* AIM OF THE EXERCISE *
Among the entries below, one stretch runs from the line that contains "Proof. intros H. rewrite" through the line that contains "Proof. intros Hx". Repeat that stretch exactly, ends included, and only that.

Stored data:
=-=-=-=-=
Lemma sqrt_one_sub_param u : 0 <= u -> u <= 1 ->
  Num.sqrt (1 - param u) = (1 - u ^+ 2) / (1 + u ^+ 2).
Proof.
move=> u0 u1; rewrite one_sub_param sqrtr_sqr ger0_norm //.
by rewrite divr_ge0 ?subr_ge0 ?exprn_ile1 ?addr_ge0 ?sqr_ge0.
Qed.

Lemma sqrt_one_sub_sqr_param u :
  (4%:R * u ^+ 2 * Num.sqrt (1 - param u ^+ 2)) ^+ 2
  = (u ^+ 4 + 6%:R * u ^+ 2 + 1) * ((1 - u ^+ 2) * param u) ^+ 2.
Proof.
have /andP [P0 P1] := param_itv u.
rewrite exprMn sqr_sqrtr ?subr_ge0 ?(exprn_ile1 _ P0 P1) // /param.
by field; rewrite gt_eqF ?param_den_gt0.
Qed.

Lemma defect_root_of_target u c ab :
  ((param u)%:C%C, (Num.sqrt (1 - param u ^+ 2))%:C%C) = scale2 c (horner2 ab u%:C%C) ->
  ab != (0, 0) /\ root (defect ab) u%:C%C.
Proof.
have := param_itv u; have := sqrt_one_sub_sqr_param u.
move: (param u) ab => P [A B] targetR /andP [P0 P1] [EP EQ]; set x := u%:C%C.
have unit_norm : (c * A.[x]) ^+ 2 + (c * B.[x]) ^+ 2 = 1.
  rewrite -EP -EQ -!rmorphXn -rmorphD sqr_sqrtr ?subr_ge0 ?(exprn_ile1 _ P0 P1) //.
  by rewrite addrC subrK rmorph1.
split.
  apply/eqP => -[A0 B0]; move: unit_norm.
  by rewrite A0 B0 horner0 mulr0 expr0n /= addr0 => /eqP; rewrite eq_sym oner_eq0.
have c0 : c != 0.
  apply/eqP => c0; move: unit_norm.
  by rewrite c0 !mul0r expr0n /= addr0 => /eqP; rewrite eq_sym oner_eq0.
apply/eqP/(mulfI (expf_neq0 2 c0)); rewrite mulr0 horner_defect horner_quartic /=.
transitivity ((4%:R * x ^+ 2 * (c * B.[x])) ^+ 2
   - (x ^+ 4 + 6%:R * x ^+ 2 + 1) * ((1 - x ^+ 2) * (c * A.[x])) ^+ 2); first by ring.
transitivity (((4%:R * u ^+ 2 * Num.sqrt (1 - P ^+ 2)) ^+ 2
   - (u ^+ 4 + 6%:R * u ^+ 2 + 1) * ((1 - u ^+ 2) * P) ^+ 2)%:C%C).
  by rewrite -EP -EQ; ring.
by rewrite targetR subrr rmorph0.
Qed.

End RealParameter.

Section Simulable.
Variable R : realType.
Local Notation C := R[i].
Local Notation polypair := ({poly C} * {poly C})%type.
Implicit Types (k : qstate R) (u : R).

Definition poly_param k : Prop :=
  exists S : seq polypair, forall u, 0 <= u <= 1 ->
    exists2 ab, ab \in S & exists c, k (param u) = scale2 c (horner2 ab u%:C%C).

Lemma pstate_poly_param : poly_param (@pstate R).
Proof.
exists [:: ('X *+ 2, 1 - 'X ^+ 2)] => u /andP [u0 u1].
exists ('X *+ 2, 1 - 'X ^+ 2); first by rewrite mem_seq1.
exists ((1 + u ^+ 2)^-1)%:C%C.
rewrite /pstate sqrt_param // sqrt_one_sub_param // /scale2 /horner2 /= !hornerE.
by congr (_, _); ring.
Qed.

Lemma cstate_poly_param a : poly_param (cstate a).
Proof.
exists [:: (a%:P, 1)] => u _; exists (a%:P, 1); first by rewrite mem_seq1.
exists (Num.sqrt (complex.Re a ^+ 2 + complex.Im a ^+ 2 + 1))%:C%C^-1.
by rewrite /cstate /scale2 /horner2 /= !hornerE mulrC.
Qed.

Definition poly_amp (ab : polypair) (b : bool) : {poly C} := if b then ab.2 else ab.1.

Definition poly_prod_state n (ab : 'I_n -> polypair) : 'cV[{poly C}]_(2 ^ n) :=
  \col_(j < 2 ^ n) \prod_(i < n) poly_amp (ab i) (odd (j %/ 2 ^ i)).

Definition poly_at_index N (v : 'cV[{poly C}]_N) (k : nat) : {poly C} :=
  \sum_(j < N | val j == k) v j 0.

Definition poly_branch_out n (U : 'M[C]_(2 ^ n.+1)) (m : nat) (ab : 'I_n.+1 -> polypair) :
  polypair :=
  let v := map_mx polyC U *m poly_prod_state ab in
  (poly_at_index v (2 * m)%N, poly_at_index v (2 * m).+1).

Lemma prod_state_horner n (inp : 'I_n -> qstate R) (ab : 'I_n -> polypair) cs p x :
  (forall i, inp i p = scale2 (cs i) (horner2 (ab i) x)) ->
  prod_state inp p = (\prod_i cs i) *: map_mx (horner_eval x) (poly_prod_state ab).
Proof.
move=> inpE; apply/matrixP => j k; rewrite !mxE horner_evalE horner_prod -big_split.
by apply: eq_bigr => i _; rewrite inpE /amp /poly_amp; case: (odd _).
Qed.
(* Assume $\hat\omega$ lies in the interior of $\mathbb{P}_\Omega$. The vertex-direction iteration with optimal step size $\alpha_n=\hat\alpha_n$, initialized at any $\omega^{(1)}\in\mathbb{P}_\Omega$, satisfies $$\|\omega^{(n+1)}-\hat\omega\|_{\mathbf K}^2\le\|\omega^{(1)}-\hat\omega\|_{\mathbf K}^2\exp\Big(-\frac{\alpha_*^2\,n}{4R_*^2}\Big),\qquad n\ge1,$$ where $R_*=[\lambda_{\max}(\mathbf K)(1-1/\Omega)]^{1/2}$, $\alpha_*=w_*/L$, $w_*=\min_i\hat\omega_i$ and $L=(\max_i\{\mathbf K^{-1}\}_{ii})^{1/2}$.
   Context: $\mathbf K$ is a real symmetric positive definite $\Omega\times\Omega$ matrix ($\Omega\ge2$) with largest eigenvalue $\lambda_{\max}(\mathbf K)$; $\|u\|_{\mathbf K}^2=u^T\mathbf K u$. $e_i$ is the $i$-th canonical basis vector of $\mathbb{R}^\Omega$ and $\mathbb{P}_\Omega=\{\omega\in\mathbb{R}^\Omega:\omega_i\ge0,\sum_i\omega_i=1\}$. The vertex-direction iteration is $\omega^{(n+1)}=\omega^{(n)}+\alpha_n(e_{i_n^+}-\omega^{(n)})$ with $i_n^+\in\arg\min_{i}e_i^T\mathbf K(\omega^{(n)}-\hat\omega)$; the optimal step size is $\hat\alpha_n=(e_{i_n^+}-\omega^{(n)})^T\mathbf K(\hat\omega-\omega^{(n)})/\|e_{i_n^+}-\omega^{(n)}\|_{\mathbf K}^2$ (if $e_{i_n^+}=\omega^{(n)}$ the iterate is left unchanged). *)

From Stdlib Require Import Reals Lra Lia.
Open Scope R_scope.

(* Vectors of R^Omega are functions nat -> R; only indices < Omega matter.
   Matrices are functions nat -> nat -> R. *)
Definition vec := nat -> R.
Definition mat := nat -> nat -> R.

Fixpoint rsum (n : nat) (f : nat -> R) : R :=
  match n with O => 0 | S k => rsum k f + f k end.

Fixpoint rmax_upto (n : nat) (f : nat -> R) : R :=
  match n with O => f O | S k => Rmax (rmax_upto k f) (f (S k)) end.
Fixpoint rmin_upto (n : nat) (f : nat -> R) : R :=
  match n with O => f O | S k => Rmin (rmin_upto k f) (f (S k)) end.

Definition mat_vec (Om : nat) (K : mat) (v : vec) : vec :=
  fun i => rsum Om (fun j => K i j * v j).
Definition dot (Om : nat) (u v : vec) : R := rsum Om (fun i => u i * v i).
Definition normK2 (Om : nat) (K : mat) (u : vec) : R := dot Om u (mat_vec Om K u).

Definition vsub (u v : vec) : vec := fun i => u i - v i.
Definition vadd (u v : vec) : vec := fun i => u i + v i.
Definition vscale (a : R) (u : vec) : vec := fun i => a * u i.

Definition e_vec (i : nat) : vec := fun j => if Nat.eq_dec j i then 1 else 0.

Definition symmetric (Om : nat) (K : mat) : Prop :=
  forall i j, (i < Om)%nat -> (j < Om)%nat -> K i j = K j i.
Definition nonzero_vec (Om : nat) (v : vec) : Prop :=
  exists i, (i < Om)%nat /\ v i <> 0.
Definition pos_def (Om : nat) (K : mat) : Prop :=
  forall v, nonzero_vec Om v -> 0 < normK2 Om K v.

Definition is_inverse (Om : nat) (K Kinv : mat) : Prop :=
  forall i j, (i < Om)%nat -> (j < Om)%nat ->
    rsum Om (fun k => K i k * Kinv k j) = (if Nat.eq_dec i j then 1 else 0) /\
    rsum Om (fun k => Kinv i k * K k j) = (if Nat.eq_dec i j then 1 else 0).

Definition is_eigenvalue (Om : nat) (K : mat) (lam : R) : Prop :=
  exists v, nonzero_vec Om v /\ forall i, (i < Om)%nat -> mat_vec Om K v i = lam * v i.
Definition is_lambda_max (Om : nat) (K : mat) (lam : R) : Prop :=
  is_eigenvalue Om K lam /\ forall mu, is_eigenvalue Om K mu -> mu <= lam.

Definition in_simplex (Om : nat) (w : vec) : Prop :=
  (forall i, (i < Om)%nat -> 0 <= w i) /\ rsum Om w = 1.
Definition in_simplex_interior (Om : nat) (w : vec) : Prop :=
  (forall i, (i < Om)%nat -> 0 < w i) /\ rsum Om w = 1.

Definition vec_eq (Om : nat) (u v : vec) : Prop := forall i, (i < Om)%nat -> u i = v i.

Definition alpha_hat (Om : nat) (K : mat) (what w : vec) (i : nat) : R :=
  dot Om (vsub (e_vec i) w) (mat_vec Om K (vsub what w))
  / normK2 Om K (vsub (e_vec i) w).

Definition is_vertex_choice (Om : nat) (K : mat) (what w : vec) (i : nat) : Prop :=
  (i < Om)%nat /\
  forall j, (j < Om)%nat ->
    mat_vec Om K (vsub w what) i <= mat_vec Om K (vsub w what) j.

Definition vd_step (Om : nat) (K : mat) (what w : vec) (i : nat) (w' : vec) : Prop :=
  (vec_eq Om (e_vec i) w -> vec_eq Om w' w) /\
  (~ vec_eq Om (e_vec i) w ->
     vec_eq Om w' (vadd w (vscale (alpha_hat Om K what w i) (vsub (e_vec i) w)))).

(* Write u = w - what and g = K u, and let i minimise g_i.  Exact line search
   towards e_i lowers ||u||_K^2 by gain^2 / ||e_i - w||_K^2, where
   gain = ||u||_K^2 + sum_j what_j (g_j - g_i).  As u sums to zero,
   ||u||_K^2 = sum_j u_j (g_j - g_i) <= max_j |u_j| * sum_j (g_j - g_i), while the
   second summand of gain is at least w_* * sum_j (g_j - g_i); combined with
   u_j^2 <= (K^-1)_jj ||u||_K^2 this gives gain^2 >= (w_*/L)^2 ||u||_K^2.  The
   denominator is at most lambda_max ||e_i - w||^2 <= 2 lambda_max <= 4 R_*^2, so
   each step multiplies the error by at most 1 - a_*^2/(4 R_*^2) <= exp(-a_*^2/(4 R_*^2)). *)

From Stdlib Require Import Reals Lra Lia Classical.
From mathcomp Require all_boot all_algebra Rstruct.
Open Scope R_scope.

Module MxDichotomy.
Import all_boot all_algebra Rstruct GRing.Theory.
Local Open Scope ring_scope.

Lemma rsum_big n (f : nat -> R) : rsum n f = \sum_(i < n) f i.
Proof.
elim: n => [|n IH] /=; first by rewrite big_ord0.
by rewrite big_ord_recr /= IH.
Qed.

Lemma left_kernel_or_left_inverse (Om : nat) (M : mat) :
  (exists v : vec, nonzero_vec Om v /\
     forall j, (j < Om)%coq_nat -> rsum Om (fun i => (v i * M i j)%R) = 0%R) \/
  (exists N : mat, forall i j, (i < Om)%coq_nat -> (j < Om)%coq_nat ->
     rsum Om (fun k => (N i k * M k j)%R) = e_vec j i).
Proof.
case: Om => [|n].
  by right; exists (fun _ _ => 0%R) => i j /leP.
pose A : 'M[R]_n.+1 := \matrix_(i, j) M i j.
have [/eqP/det0P [v vn0 vA]|dn0] := eqVneq (\det A) 0.
  left; exists (fun i => v 0 (inord i)); split.
    have [j vj] : exists j, v 0 j != 0.
      apply/existsP; move: vn0; apply: contraR; rewrite negb_exists => /forallP H.
      by apply/eqP/rowP => j; rewrite mxE; apply/eqP; move: (H j); rewrite negbK.
    exists j; split; first by apply/leP.
    by rewrite inord_val; apply/eqP.
  move=> j /leP jn; rewrite rsum_big.
  transitivity ((v *m A) 0 (inord j)); last by rewrite vA mxE.
  rewrite mxE; apply: eq_bigr => i _; rewrite inord_val mxE inordK //.
right; have Au : A \in unitmx by rewrite unitmxE unitfE.
exists (fun i j => invmx A (inord i) (inord j)) => i j /leP io /leP jo.
rewrite rsum_big.
transitivity ((invmx A *m A) (inord i) (inord j)).
  rewrite mxE; apply: eq_bigr => k _; rewrite inord_val mxE inordK //.
rewrite mulVmx // mxE /e_vec.
case: Nat.eq_dec => [e|ne]; first by subst; rewrite eqxx.
case: eqP => // /(congr1 val) /=; rewrite !inordK // => /esym /ne.
Qed.

End MxDichotomy.

Set Bullet Behavior "Strict Subproofs".

Lemma rsum_ext n f g : (forall i, (i < n)%nat -> f i = g i) -> rsum n f = rsum n g.
Proof.
  induction n as [|n IH]; simpl; intros H; [reflexivity|].
  rewrite (H n) by lia. rewrite IH by (intros; apply H; lia). reflexivity.
Qed.

Lemma rsum_add n f g : rsum n (fun i => f i + g i) = rsum n f + rsum n g.
Proof. induction n as [|n IH]; simpl; [lra | rewrite IH; ring]. Qed.

Lemma rsum_sub n f g : rsum n (fun i => f i - g i) = rsum n f - rsum n g.
Proof. induction n as [|n IH]; simpl; [lra | rewrite IH; ring]. Qed.

Lemma rsum_scal n c f : rsum n (fun i => c * f i) = c * rsum n f.
Proof. induction n as [|n IH]; simpl; [ring | rewrite IH; ring]. Qed.

Lemma rsum_const0 n : rsum n (fun _ => 0) = 0.
Proof. induction n as [|n IH]; simpl; [ring | rewrite IH; ring]. Qed.

Lemma rsum_le n f g : (forall i, (i < n)%nat -> f i <= g i) -> rsum n f <= rsum n g.
Proof.
  induction n as [|n IH]; simpl; intros H; [lra|].
  assert (rsum n f <= rsum n g) by (apply IH; intros; apply H; lia).
  assert (f n <= g n) by (apply H; lia). lra.
Qed.

Lemma rsum_nonneg n f : (forall i, (i < n)%nat -> 0 <= f i) -> 0 <= rsum n f.
Proof. intros H. rewrite <- (rsum_const0 n). apply rsum_le. exact H. Qed.

Lemma rsum_term_le n f i :
  (forall j, (j < n)%nat -> 0 <= f j) -> (i < n)%nat -> f i <= rsum n f.
Proof.
  induction n as [|n IH]; simpl; intros H Hi; [lia|].
  destruct (Nat.eq_dec i n) as [->|Hin].
  - assert (0 <= rsum n f) by (apply rsum_nonneg; intros; apply H; lia). lra.
  - assert (f i <= rsum n f) by (apply IH; [intros; apply H; lia | lia]).
    assert (0 <= f n) by (apply H; lia). lra.
Qed.

Lemma rsum_swap n m f :
  rsum n (fun i => rsum m (fun j => f i j)) = rsum m (fun j => rsum n (fun i => f i j)).
Proof.
  induction n as [|n IH]; simpl.
  - symmetry. apply rsum_const0.
  - rewrite IH, <- rsum_add. reflexivity.
Qed.

Lemma e_vec_sym i j : e_vec i j = e_vec j i.
Proof. unfold e_vec. destruct (Nat.eq_dec j i), (Nat.eq_dec i j); congruence. Qed.

Lemma rsum_mul_e_vec n f j : (j < n)%nat -> rsum n (fun k => f k * e_vec j k) = f j.
Proof.
  induction n as [|n IH]; simpl; intros Hj; [lia|].
  unfold e_vec at 2. destruct (Nat.eq_dec n j) as [->|Hnj].
  - rewrite (rsum_ext _ _ (fun _ => 0)), rsum_const0; [ring|].
    intros k Hk. unfold e_vec. destruct (Nat.eq_dec k j); [lia | ring].
  - rewrite IH by lia. ring.
Qed.

(** * Dot products and bilinear forms *)

Lemma dot_ext Om x x' y y' :
  vec_eq Om x x' -> vec_eq Om y y' -> dot Om x y = dot Om x' y'.
Proof. intros Hx Hy. apply rsum_ext. intros k Hk. rewrite Hx, Hy by exact Hk. reflexivity. Qed.

Lemma dot_comm Om x y : dot Om x y = dot Om y x.
Proof. apply rsum_ext. intros; ring. Qed.

Lemma dot_e_vec_l Om i x : (i < Om)%nat -> dot Om (e_vec i) x = x i.
Proof. intros Hi. rewrite dot_comm. apply rsum_mul_e_vec, Hi. Qed.

Lemma dot_self_nonneg Om x : 0 <= dot Om x x.
Proof. apply rsum_nonneg. intros; nra. Qed.

Lemma dot_self_pos Om x : nonzero_vec Om x -> 0 < dot Om x x.
Proof.
  intros [i [Hi Hx]].
  assert (0 < x i * x i) by nra.
  assert (x i * x i <= dot Om x x) by (apply (rsum_term_le Om (fun k => x k * x k)); [intros; nra | exact Hi]).
  lra.
Qed.

Lemma vec_eq_zero_of_not_nonzero Om x : ~ nonzero_vec Om x -> vec_eq Om x (fun _ => 0).
Proof.
  intros H i Hi. destruct (Req_dec (x i) 0) as [E|E]; [exact E|].
  exfalso. apply H. exists i. split; assumption.
Qed.

Lemma nonzero_vsub Om x y : ~ vec_eq Om x y -> nonzero_vec Om (vsub x y).
Proof.
  intros Hxy. apply NNPP. intros H. apply Hxy. intros k Hk.
  pose proof (vec_eq_zero_of_not_nonzero Om _ H k Hk) as E. unfold vsub in E. lra.
Qed.

Lemma dot_zero_l Om x y : vec_eq Om x (fun _ => 0) -> dot Om x y = 0.
Proof.
  intros H. unfold dot.
  rewrite (rsum_ext _ _ (fun _ => 0)) by (intros k Hk; rewrite H by exact Hk; ring).
  apply rsum_const0.
Qed.

Definition bform (Om : nat) (A : mat) (x y : vec) : R := dot Om x (mat_vec Om A y).

Definition psd (Om : nat) (A : mat) : Prop := forall x, 0 <= bform Om A x x.

Lemma bform_ext Om A x x' y y' :
  vec_eq Om x x' -> vec_eq Om y y' -> bform Om A x y = bform Om A x' y'.
Proof.
  intros Hx Hy. apply dot_ext; [exact Hx|].
  intros k _. apply rsum_ext. intros j Hj. rewrite Hy by exact Hj. reflexivity.
Qed.

Lemma bform_linl Om A a b x y z :
  bform Om A (fun i => a * x i + b * y i) z = a * bform Om A x z + b * bform Om A y z.
Proof.
  unfold bform, dot. rewrite <- !rsum_scal, <- rsum_add. apply rsum_ext. intros; ring.
Qed.

Lemma bform_linr Om A a b x y z :
  bform Om A z (fun i => a * x i + b * y i) = a * bform Om A z x + b * bform Om A z y.
Proof.
  unfold bform, dot, mat_vec. rewrite <- !rsum_scal, <- rsum_add. apply rsum_ext. intros i _.
  rewrite (rsum_ext _ _ (fun j => a * (A i j * x j) + b * (A i j * y j))) by (intros; ring).
  rewrite rsum_add, !rsum_scal. ring.
Qed.

Lemma bform_vsub_l Om A x y z :
  bform Om A (vsub x y) z = bform Om A x z - bform Om A y z.
Proof.
  rewrite (bform_ext Om A _ (fun i => 1 * x i + (-1) * y i) z z) by (intros k _; unfold vsub; ring).
  rewrite bform_linl. ring.
Qed.

Lemma bform_vsub_r Om A x y z :
  bform Om A z (vsub x y) = bform Om A z x - bform Om A z y.
Proof.
  rewrite (bform_ext Om A z z _ (fun i => 1 * x i + (-1) * y i)) by (intros k _; unfold vsub; ring).
  rewrite bform_linr. ring.
Qed.

Lemma bform_e_vec_l Om A i y : (i < Om)%nat -> bform Om A (e_vec i) y = mat_vec Om A y i.
Proof. apply dot_e_vec_l. Qed.

Lemma bform_zero_l Om A x y : vec_eq Om x (fun _ => 0) -> bform Om A x y = 0.
Proof. apply dot_zero_l. Qed.

Lemma bform_double Om A x y :
  bform Om A x y = rsum Om (fun i => rsum Om (fun j => x i * A i j * y j)).
Proof.
  unfold bform, dot, mat_vec. apply rsum_ext. intros i _. rewrite <- rsum_scal.
  apply rsum_ext. intros; ring.
Qed.

Lemma bform_sym Om A x y : symmetric Om A -> bform Om A x y = bform Om A y x.
Proof.
  intros HA. rewrite !bform_double, rsum_swap. apply rsum_ext. intros i Hi.
  apply rsum_ext. intros j Hj. rewrite (HA j i) by assumption. ring.
Qed.

Lemma normK2_vsub_comm Om K x y : normK2 Om K (vsub x y) = normK2 Om K (vsub y x).
Proof.
  change (bform Om K (vsub x y) (vsub x y) = bform Om K (vsub y x) (vsub y x)).
  rewrite !bform_vsub_l, !bform_vsub_r. ring.
Qed.

Lemma pos_def_psd Om A : pos_def Om A -> psd Om A.
Proof.
  intros H x. destruct (classic (nonzero_vec Om x)) as [Hx|Hx].
  - apply Rlt_le, H, Hx.
  - rewrite bform_zero_l by (apply vec_eq_zero_of_not_nonzero, Hx). lra.
Qed.

Lemma normK2_nonneg Om K x : pos_def Om K -> 0 <= normK2 Om K x.
Proof. intros H. exact (pos_def_psd Om K H x). Qed.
=-=-=-=-=
* SOLUTION FOR THIS EXERCISE *
Proof. intros H. rewrite <- (rsum_const0 n). apply rsum_le. exact H. Qed.

Lemma rsum_term_le n f i :
  (forall j, (j < n)%nat -> 0 <= f j) -> (i < n)%nat -> f i <= rsum n f.
Proof.
  induction n as [|n IH]; simpl; intros H Hi; [lia|].
  destruct (Nat.eq_dec i n) as [->|Hin].
  - assert (0 <= rsum n f) by (apply rsum_nonneg; intros; apply H; lia). lra.
  - assert (f i <= rsum n f) by (apply IH; [intros; apply H; lia | lia]).
    assert (0 <= f n) by (apply H; lia). lra.
Qed.

Lemma rsum_swap n m f :
  rsum n (fun i => rsum m (fun j => f i j)) = rsum m (fun j => rsum n (fun i => f i j)).
Proof.
  induction n as [|n IH]; simpl.
  - symmetry. apply rsum_const0.
  - rewrite IH, <- rsum_add. reflexivity.
Qed.

Lemma e_vec_sym i j : e_vec i j = e_vec j i.
Proof. unfold e_vec. destruct (Nat.eq_dec j i), (Nat.eq_dec i j); congruence. Qed.

Lemma rsum_mul_e_vec n f j : (j < n)%nat -> rsum n (fun k => f k * e_vec j k) = f j.
Proof.
  induction n as [|n IH]; simpl; intros Hj; [lia|].
  unfold e_vec at 2. destruct (Nat.eq_dec n j) as [->|Hnj].
  - rewrite (rsum_ext _ _ (fun _ => 0)), rsum_const0; [ring|].
    intros k Hk. unfold e_vec. destruct (Nat.eq_dec k j); [lia | ring].
  - rewrite IH by lia. ring.
Qed.

(** * Dot products and bilinear forms *)

Lemma dot_ext Om x x' y y' :
  vec_eq Om x x' -> vec_eq Om y y' -> dot Om x y = dot Om x' y'.
Proof. intros Hx Hy. apply rsum_ext. intros k Hk. rewrite Hx, Hy by exact Hk. reflexivity. Qed.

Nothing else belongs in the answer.